◆ STORED DATA ◆
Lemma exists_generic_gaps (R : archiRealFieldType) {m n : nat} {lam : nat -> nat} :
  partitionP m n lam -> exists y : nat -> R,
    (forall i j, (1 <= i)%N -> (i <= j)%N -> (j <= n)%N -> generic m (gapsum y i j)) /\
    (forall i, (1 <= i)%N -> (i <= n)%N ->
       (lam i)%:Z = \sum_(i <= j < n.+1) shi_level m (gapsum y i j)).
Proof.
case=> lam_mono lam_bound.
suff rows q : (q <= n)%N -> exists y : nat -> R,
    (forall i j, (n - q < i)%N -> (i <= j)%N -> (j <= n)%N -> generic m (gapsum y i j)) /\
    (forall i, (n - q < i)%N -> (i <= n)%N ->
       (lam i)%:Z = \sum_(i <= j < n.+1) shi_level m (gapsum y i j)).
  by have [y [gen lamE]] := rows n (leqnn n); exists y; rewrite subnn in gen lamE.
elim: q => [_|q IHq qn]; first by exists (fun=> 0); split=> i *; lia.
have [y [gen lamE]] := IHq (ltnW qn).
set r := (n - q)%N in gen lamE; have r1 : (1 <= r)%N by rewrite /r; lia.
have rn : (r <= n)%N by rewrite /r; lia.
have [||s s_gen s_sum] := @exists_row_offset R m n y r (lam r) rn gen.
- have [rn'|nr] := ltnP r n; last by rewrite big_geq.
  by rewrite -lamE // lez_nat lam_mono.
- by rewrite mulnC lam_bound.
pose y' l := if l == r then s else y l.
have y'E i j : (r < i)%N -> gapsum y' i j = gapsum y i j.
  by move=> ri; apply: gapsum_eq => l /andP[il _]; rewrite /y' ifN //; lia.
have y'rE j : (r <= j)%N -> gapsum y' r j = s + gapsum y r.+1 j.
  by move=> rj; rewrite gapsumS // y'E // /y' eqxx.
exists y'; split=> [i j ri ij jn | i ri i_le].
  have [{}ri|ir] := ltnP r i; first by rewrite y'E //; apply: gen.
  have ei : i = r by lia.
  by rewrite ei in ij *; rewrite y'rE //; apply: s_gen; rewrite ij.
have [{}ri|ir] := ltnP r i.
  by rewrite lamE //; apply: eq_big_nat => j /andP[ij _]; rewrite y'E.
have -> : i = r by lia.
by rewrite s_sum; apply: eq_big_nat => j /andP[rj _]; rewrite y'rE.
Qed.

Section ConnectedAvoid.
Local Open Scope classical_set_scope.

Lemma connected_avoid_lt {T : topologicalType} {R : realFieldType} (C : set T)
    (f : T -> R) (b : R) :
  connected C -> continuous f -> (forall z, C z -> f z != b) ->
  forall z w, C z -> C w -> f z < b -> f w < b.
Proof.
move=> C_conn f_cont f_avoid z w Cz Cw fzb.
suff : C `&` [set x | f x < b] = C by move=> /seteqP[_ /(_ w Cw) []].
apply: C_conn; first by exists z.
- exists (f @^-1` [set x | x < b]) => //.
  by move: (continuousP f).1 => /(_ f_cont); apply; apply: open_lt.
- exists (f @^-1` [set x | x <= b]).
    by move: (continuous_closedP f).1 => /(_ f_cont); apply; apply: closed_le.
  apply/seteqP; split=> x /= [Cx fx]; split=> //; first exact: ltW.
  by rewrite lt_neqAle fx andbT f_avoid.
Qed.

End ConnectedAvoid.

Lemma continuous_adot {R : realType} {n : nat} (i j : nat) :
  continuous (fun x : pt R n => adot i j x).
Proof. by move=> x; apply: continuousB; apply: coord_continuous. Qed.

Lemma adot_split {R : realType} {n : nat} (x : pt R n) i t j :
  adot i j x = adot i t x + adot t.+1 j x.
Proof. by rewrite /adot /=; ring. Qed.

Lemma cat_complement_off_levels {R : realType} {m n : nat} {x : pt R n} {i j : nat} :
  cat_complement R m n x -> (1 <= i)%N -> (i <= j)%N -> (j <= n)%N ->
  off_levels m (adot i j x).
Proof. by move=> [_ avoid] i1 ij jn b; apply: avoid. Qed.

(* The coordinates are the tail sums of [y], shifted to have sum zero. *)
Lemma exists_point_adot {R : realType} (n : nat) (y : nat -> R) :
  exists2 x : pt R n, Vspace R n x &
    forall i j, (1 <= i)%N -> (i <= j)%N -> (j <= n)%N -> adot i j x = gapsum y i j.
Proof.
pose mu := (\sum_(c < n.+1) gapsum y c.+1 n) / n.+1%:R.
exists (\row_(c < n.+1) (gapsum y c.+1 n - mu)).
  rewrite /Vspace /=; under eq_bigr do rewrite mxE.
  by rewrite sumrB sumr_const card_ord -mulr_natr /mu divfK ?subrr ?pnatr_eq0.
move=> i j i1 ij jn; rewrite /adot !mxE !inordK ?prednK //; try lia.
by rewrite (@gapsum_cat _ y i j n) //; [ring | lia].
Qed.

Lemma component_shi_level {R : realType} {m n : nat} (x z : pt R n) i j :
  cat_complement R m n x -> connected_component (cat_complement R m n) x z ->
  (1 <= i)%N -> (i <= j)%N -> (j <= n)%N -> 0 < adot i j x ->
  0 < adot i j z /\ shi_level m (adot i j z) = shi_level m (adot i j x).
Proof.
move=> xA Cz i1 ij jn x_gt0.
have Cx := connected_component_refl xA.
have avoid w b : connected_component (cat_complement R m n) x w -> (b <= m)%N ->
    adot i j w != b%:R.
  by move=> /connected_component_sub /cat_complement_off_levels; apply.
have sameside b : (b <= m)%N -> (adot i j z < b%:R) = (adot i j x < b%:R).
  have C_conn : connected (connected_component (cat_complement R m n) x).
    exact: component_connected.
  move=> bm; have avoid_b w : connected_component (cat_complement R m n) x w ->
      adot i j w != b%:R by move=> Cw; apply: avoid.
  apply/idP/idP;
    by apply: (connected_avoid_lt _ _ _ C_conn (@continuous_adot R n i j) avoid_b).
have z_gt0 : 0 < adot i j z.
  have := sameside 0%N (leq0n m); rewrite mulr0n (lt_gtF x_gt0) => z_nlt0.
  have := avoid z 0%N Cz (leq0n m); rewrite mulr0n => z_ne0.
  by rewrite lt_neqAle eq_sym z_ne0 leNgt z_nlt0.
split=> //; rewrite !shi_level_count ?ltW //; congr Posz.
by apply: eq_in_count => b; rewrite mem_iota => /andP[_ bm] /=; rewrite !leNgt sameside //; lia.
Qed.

---

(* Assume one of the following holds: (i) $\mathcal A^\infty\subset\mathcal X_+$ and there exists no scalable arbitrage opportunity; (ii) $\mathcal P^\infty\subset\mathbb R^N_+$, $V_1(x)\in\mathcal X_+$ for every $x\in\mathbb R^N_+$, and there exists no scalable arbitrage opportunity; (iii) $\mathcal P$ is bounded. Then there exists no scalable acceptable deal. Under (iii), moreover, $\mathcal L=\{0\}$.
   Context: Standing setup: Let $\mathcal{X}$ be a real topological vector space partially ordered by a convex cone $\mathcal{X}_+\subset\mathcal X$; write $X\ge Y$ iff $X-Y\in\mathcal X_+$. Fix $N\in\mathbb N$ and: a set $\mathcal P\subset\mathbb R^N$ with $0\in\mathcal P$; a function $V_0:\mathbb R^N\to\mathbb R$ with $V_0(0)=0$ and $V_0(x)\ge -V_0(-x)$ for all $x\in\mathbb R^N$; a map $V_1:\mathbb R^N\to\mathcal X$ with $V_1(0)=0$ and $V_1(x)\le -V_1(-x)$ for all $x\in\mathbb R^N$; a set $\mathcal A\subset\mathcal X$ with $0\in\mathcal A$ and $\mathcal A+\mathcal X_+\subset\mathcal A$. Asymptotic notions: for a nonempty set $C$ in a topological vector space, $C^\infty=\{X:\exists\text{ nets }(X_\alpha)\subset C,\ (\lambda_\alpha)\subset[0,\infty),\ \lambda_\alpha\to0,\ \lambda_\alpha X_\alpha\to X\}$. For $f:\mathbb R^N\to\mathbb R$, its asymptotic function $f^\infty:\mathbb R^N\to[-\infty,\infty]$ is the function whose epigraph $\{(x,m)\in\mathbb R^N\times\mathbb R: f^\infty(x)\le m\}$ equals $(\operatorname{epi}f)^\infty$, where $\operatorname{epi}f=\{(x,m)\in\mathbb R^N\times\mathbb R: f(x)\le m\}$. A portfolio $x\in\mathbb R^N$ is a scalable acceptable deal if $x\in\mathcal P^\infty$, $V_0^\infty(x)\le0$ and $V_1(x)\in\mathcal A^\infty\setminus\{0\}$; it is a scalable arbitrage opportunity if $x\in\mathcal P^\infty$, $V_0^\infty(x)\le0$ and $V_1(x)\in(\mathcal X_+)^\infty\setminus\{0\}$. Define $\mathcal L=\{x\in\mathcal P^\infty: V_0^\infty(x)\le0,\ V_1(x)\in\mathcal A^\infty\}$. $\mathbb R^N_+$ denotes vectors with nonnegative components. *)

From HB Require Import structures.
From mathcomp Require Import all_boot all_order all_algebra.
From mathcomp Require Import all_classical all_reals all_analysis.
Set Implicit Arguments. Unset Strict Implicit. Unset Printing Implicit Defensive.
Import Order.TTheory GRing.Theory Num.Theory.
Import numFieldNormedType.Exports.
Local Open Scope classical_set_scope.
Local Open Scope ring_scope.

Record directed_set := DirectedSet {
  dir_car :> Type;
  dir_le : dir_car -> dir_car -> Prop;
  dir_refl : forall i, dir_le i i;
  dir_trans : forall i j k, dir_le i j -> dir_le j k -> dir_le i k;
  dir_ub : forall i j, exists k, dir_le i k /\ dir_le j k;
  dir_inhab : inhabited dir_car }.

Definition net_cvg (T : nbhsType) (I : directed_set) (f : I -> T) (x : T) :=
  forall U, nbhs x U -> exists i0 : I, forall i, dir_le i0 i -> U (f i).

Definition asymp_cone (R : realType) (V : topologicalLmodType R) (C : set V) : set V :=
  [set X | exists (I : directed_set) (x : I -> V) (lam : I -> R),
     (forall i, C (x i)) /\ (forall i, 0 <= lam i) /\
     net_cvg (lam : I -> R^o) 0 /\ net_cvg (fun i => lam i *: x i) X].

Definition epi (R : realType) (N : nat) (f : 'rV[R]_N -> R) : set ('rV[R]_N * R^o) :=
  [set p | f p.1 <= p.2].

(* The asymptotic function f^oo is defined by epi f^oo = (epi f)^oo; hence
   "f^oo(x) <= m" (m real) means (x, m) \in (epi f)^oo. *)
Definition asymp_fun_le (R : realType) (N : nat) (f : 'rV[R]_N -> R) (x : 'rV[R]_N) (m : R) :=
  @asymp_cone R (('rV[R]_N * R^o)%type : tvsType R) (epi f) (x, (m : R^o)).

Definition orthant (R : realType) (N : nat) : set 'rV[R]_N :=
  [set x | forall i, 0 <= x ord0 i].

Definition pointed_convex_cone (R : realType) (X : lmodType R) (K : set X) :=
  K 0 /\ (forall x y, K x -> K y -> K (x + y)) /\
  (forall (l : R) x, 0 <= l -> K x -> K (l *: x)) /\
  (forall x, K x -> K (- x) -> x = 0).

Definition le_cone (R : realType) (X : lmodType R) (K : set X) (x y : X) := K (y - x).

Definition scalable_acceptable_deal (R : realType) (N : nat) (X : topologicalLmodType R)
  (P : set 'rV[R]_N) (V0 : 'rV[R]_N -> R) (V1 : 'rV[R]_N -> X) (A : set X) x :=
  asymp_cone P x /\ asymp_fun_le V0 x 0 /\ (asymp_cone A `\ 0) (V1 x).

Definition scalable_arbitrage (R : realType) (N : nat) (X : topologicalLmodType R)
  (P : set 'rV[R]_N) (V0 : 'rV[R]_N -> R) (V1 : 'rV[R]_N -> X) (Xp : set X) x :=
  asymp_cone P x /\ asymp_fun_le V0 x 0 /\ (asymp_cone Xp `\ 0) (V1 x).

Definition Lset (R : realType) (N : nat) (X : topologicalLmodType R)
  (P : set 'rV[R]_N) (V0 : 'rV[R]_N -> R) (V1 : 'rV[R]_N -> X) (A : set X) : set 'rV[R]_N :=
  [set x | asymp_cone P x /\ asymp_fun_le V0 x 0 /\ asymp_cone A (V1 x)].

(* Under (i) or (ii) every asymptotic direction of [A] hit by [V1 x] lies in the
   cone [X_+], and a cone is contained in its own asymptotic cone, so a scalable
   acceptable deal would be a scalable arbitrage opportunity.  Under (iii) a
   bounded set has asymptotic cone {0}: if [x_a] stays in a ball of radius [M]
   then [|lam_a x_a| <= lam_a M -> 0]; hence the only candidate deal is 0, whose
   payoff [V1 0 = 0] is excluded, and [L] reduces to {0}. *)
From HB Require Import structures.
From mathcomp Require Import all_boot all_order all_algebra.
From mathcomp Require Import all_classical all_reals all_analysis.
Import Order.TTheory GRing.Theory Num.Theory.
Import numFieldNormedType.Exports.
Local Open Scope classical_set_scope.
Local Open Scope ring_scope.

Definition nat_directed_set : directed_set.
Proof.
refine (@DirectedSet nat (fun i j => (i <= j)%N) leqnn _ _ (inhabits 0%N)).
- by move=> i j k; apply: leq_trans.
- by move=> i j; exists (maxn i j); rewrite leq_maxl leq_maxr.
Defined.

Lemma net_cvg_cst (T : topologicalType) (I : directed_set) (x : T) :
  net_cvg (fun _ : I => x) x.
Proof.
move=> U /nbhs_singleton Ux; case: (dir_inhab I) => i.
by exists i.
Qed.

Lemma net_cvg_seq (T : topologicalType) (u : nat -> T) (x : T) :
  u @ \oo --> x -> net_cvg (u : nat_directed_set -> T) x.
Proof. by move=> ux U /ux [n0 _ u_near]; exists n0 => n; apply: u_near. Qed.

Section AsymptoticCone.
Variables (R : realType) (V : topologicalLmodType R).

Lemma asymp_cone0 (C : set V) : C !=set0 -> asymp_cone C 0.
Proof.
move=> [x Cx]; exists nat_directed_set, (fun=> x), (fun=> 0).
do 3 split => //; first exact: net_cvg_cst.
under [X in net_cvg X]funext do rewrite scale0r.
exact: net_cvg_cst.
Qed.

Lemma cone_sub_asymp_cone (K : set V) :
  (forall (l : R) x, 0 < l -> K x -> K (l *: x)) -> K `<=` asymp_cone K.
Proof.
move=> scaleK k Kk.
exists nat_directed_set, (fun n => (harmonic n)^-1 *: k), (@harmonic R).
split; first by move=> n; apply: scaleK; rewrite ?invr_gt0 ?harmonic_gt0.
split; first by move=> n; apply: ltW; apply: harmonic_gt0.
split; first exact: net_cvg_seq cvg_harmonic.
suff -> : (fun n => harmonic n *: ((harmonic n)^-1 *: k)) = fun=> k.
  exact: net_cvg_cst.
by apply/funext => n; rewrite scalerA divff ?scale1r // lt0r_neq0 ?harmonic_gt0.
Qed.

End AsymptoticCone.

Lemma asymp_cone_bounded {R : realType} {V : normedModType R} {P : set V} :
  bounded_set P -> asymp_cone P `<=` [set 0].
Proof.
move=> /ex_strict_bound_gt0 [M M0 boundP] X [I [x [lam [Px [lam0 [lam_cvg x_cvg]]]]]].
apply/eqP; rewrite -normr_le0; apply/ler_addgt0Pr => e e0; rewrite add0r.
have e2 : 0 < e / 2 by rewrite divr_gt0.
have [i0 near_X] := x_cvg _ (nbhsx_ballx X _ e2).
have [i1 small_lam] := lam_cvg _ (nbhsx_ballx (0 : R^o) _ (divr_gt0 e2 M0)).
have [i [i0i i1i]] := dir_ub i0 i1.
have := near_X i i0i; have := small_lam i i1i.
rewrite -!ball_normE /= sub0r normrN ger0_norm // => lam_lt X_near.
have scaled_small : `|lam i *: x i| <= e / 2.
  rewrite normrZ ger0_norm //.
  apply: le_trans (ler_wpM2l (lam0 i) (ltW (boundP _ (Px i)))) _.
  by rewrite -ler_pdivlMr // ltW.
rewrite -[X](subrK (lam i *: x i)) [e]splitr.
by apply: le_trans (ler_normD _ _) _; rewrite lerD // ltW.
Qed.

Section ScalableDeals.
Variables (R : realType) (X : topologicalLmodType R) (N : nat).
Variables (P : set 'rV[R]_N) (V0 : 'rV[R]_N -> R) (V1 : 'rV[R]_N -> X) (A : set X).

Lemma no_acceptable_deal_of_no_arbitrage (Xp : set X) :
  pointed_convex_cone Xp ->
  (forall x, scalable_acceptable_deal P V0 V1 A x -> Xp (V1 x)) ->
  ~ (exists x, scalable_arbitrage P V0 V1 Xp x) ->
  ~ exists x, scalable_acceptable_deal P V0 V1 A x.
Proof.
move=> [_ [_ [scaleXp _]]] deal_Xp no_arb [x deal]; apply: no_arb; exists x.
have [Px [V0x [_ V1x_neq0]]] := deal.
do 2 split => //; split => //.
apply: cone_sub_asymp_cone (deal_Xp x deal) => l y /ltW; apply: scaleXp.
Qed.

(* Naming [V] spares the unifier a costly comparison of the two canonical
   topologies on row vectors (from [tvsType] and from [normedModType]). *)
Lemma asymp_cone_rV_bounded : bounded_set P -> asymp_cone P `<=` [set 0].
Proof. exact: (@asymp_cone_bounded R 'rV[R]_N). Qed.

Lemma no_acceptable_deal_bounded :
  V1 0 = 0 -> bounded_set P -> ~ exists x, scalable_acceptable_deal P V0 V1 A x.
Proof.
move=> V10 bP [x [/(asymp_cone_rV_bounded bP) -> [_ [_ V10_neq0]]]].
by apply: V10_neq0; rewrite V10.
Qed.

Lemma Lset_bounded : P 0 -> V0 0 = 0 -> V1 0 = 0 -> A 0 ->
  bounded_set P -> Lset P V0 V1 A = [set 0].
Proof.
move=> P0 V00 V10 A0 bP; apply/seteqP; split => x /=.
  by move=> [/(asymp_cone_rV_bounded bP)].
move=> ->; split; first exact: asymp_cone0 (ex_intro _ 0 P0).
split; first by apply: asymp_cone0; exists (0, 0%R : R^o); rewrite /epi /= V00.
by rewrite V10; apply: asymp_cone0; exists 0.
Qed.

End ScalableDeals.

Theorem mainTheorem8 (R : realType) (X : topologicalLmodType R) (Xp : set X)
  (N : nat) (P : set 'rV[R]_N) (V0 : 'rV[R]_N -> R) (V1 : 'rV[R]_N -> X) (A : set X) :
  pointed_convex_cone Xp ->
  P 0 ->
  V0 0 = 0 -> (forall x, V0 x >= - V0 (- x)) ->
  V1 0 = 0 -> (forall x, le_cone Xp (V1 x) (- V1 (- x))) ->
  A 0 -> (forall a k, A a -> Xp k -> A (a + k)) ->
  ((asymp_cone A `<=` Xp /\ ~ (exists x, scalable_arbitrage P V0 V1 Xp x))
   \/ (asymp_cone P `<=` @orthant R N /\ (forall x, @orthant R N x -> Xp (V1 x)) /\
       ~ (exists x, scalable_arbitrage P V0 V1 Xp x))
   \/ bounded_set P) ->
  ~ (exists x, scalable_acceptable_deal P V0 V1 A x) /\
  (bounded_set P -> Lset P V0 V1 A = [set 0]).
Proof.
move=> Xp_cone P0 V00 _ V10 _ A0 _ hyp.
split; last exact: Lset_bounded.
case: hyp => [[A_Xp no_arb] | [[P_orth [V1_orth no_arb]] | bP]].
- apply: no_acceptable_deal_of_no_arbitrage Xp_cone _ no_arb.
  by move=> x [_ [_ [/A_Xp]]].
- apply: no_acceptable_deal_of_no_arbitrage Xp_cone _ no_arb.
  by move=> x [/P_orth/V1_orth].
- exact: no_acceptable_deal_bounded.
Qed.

◆ INSTRUCTIONS FOR THE TASK ◆
Within the material above, output exactly the lines from the one with "(forall x, K x -> K (- x) -> x = 0)." through the one with "bounded set has", end lines included, and nothing besides.

◆ RESPONSE FOR THIS EXERCISE ◆
  (forall x, K x -> K (- x) -> x = 0).

Definition le_cone (R : realType) (X : lmodType R) (K : set X) (x y : X) := K (y - x).

Definition scalable_acceptable_deal (R : realType) (N : nat) (X : topologicalLmodType R)
  (P : set 'rV[R]_N) (V0 : 'rV[R]_N -> R) (V1 : 'rV[R]_N -> X) (A : set X) x :=
  asymp_cone P x /\ asymp_fun_le V0 x 0 /\ (asymp_cone A `\ 0) (V1 x).

Definition scalable_arbitrage (R : realType) (N : nat) (X : topologicalLmodType R)
  (P : set 'rV[R]_N) (V0 : 'rV[R]_N -> R) (V1 : 'rV[R]_N -> X) (Xp : set X) x :=
  asymp_cone P x /\ asymp_fun_le V0 x 0 /\ (asymp_cone Xp `\ 0) (V1 x).

Definition Lset (R : realType) (N : nat) (X : topologicalLmodType R)
  (P : set 'rV[R]_N) (V0 : 'rV[R]_N -> R) (V1 : 'rV[R]_N -> X) (A : set X) : set 'rV[R]_N :=
  [set x | asymp_cone P x /\ asymp_fun_le V0 x 0 /\ asymp_cone A (V1 x)].

(* Under (i) or (ii) every asymptotic direction of [A] hit by [V1 x] lies in the
   cone [X_+], and a cone is contained in its own asymptotic cone, so a scalable
   acceptable deal would be a scalable arbitrage opportunity.  Under (iii) a
   bounded set has asymptotic cone {0}: if [x_a] stays in a ball of radius [M]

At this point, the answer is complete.